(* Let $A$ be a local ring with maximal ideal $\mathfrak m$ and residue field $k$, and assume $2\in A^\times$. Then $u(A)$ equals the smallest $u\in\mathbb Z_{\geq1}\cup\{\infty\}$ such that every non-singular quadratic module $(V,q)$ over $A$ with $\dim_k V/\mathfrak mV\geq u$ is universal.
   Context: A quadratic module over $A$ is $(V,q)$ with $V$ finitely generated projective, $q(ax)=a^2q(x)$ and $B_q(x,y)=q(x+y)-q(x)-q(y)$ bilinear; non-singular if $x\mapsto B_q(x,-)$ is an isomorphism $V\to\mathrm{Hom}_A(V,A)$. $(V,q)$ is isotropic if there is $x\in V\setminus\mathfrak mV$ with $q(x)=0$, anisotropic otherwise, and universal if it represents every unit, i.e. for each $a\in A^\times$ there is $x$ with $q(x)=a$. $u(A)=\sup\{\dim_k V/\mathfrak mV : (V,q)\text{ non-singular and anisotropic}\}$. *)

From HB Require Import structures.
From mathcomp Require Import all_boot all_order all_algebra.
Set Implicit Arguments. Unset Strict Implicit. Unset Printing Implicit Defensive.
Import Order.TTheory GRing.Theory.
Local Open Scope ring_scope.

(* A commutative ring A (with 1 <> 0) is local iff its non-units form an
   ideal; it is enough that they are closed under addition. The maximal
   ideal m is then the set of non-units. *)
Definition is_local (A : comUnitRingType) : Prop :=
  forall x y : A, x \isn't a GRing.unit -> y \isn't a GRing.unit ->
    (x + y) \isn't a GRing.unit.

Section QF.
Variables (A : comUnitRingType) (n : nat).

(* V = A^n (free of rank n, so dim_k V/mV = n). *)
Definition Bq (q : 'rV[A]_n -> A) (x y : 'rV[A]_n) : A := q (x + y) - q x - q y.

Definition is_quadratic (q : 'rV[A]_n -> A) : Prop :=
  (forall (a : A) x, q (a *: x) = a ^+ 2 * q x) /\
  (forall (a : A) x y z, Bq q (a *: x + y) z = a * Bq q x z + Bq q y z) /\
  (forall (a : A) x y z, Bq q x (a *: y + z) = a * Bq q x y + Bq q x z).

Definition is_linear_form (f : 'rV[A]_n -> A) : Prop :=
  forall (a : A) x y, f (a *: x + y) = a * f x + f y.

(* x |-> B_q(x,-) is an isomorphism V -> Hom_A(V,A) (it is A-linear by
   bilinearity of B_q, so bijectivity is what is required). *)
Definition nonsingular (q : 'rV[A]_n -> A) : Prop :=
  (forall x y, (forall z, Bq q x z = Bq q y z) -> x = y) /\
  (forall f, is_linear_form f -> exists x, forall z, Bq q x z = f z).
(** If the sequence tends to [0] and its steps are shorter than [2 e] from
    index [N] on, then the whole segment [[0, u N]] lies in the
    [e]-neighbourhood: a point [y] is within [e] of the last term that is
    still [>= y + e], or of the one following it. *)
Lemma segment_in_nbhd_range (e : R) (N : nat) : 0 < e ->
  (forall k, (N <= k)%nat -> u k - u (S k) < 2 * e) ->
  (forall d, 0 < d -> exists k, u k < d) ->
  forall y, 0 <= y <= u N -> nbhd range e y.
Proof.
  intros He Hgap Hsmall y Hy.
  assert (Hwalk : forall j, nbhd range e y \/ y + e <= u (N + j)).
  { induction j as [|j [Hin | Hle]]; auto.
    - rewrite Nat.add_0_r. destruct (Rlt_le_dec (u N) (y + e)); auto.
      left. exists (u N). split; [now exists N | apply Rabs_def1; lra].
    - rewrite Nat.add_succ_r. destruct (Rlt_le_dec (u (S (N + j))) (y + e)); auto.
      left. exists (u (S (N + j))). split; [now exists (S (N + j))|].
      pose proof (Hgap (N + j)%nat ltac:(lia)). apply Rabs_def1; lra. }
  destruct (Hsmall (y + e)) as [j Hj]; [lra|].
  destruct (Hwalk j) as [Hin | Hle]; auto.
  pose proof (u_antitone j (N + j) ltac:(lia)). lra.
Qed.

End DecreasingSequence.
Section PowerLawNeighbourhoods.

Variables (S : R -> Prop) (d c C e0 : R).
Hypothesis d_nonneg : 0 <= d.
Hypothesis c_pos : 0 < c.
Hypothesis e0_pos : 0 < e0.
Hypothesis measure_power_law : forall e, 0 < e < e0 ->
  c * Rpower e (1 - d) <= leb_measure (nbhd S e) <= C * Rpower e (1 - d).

--------------------

Print nothing except the lines from the line containing "intros He Hgap Hsmall y Hy." to the end of the listing, exactly as written.

  intros He Hgap Hsmall y Hy.
  assert (Hwalk : forall j, nbhd range e y \/ y + e <= u (N + j)).
  { induction j as [|j [Hin | Hle]]; auto.
    - rewrite Nat.add_0_r. destruct (Rlt_le_dec (u N) (y + e)); auto.
      left. exists (u N). split; [now exists N | apply Rabs_def1; lra].
    - rewrite Nat.add_succ_r. destruct (Rlt_le_dec (u (S (N + j))) (y + e)); auto.
      left. exists (u (S (N + j))). split; [now exists (S (N + j))|].
      pose proof (Hgap (N + j)%nat ltac:(lia)). apply Rabs_def1; lra. }
  destruct (Hsmall (y + e)) as [j Hj]; [lra|].
  destruct (Hwalk j) as [Hin | Hle]; auto.
  pose proof (u_antitone j (N + j) ltac:(lia)). lra.
Qed.

End DecreasingSequence.
Section PowerLawNeighbourhoods.

Variables (S : R -> Prop) (d c C e0 : R).
Hypothesis d_nonneg : 0 <= d.
Hypothesis c_pos : 0 < c.
Hypothesis e0_pos : 0 < e0.
Hypothesis measure_power_law : forall e, 0 < e < e0 ->
  c * Rpower e (1 - d) <= leb_measure (nbhd S e) <= C * Rpower e (1 - d).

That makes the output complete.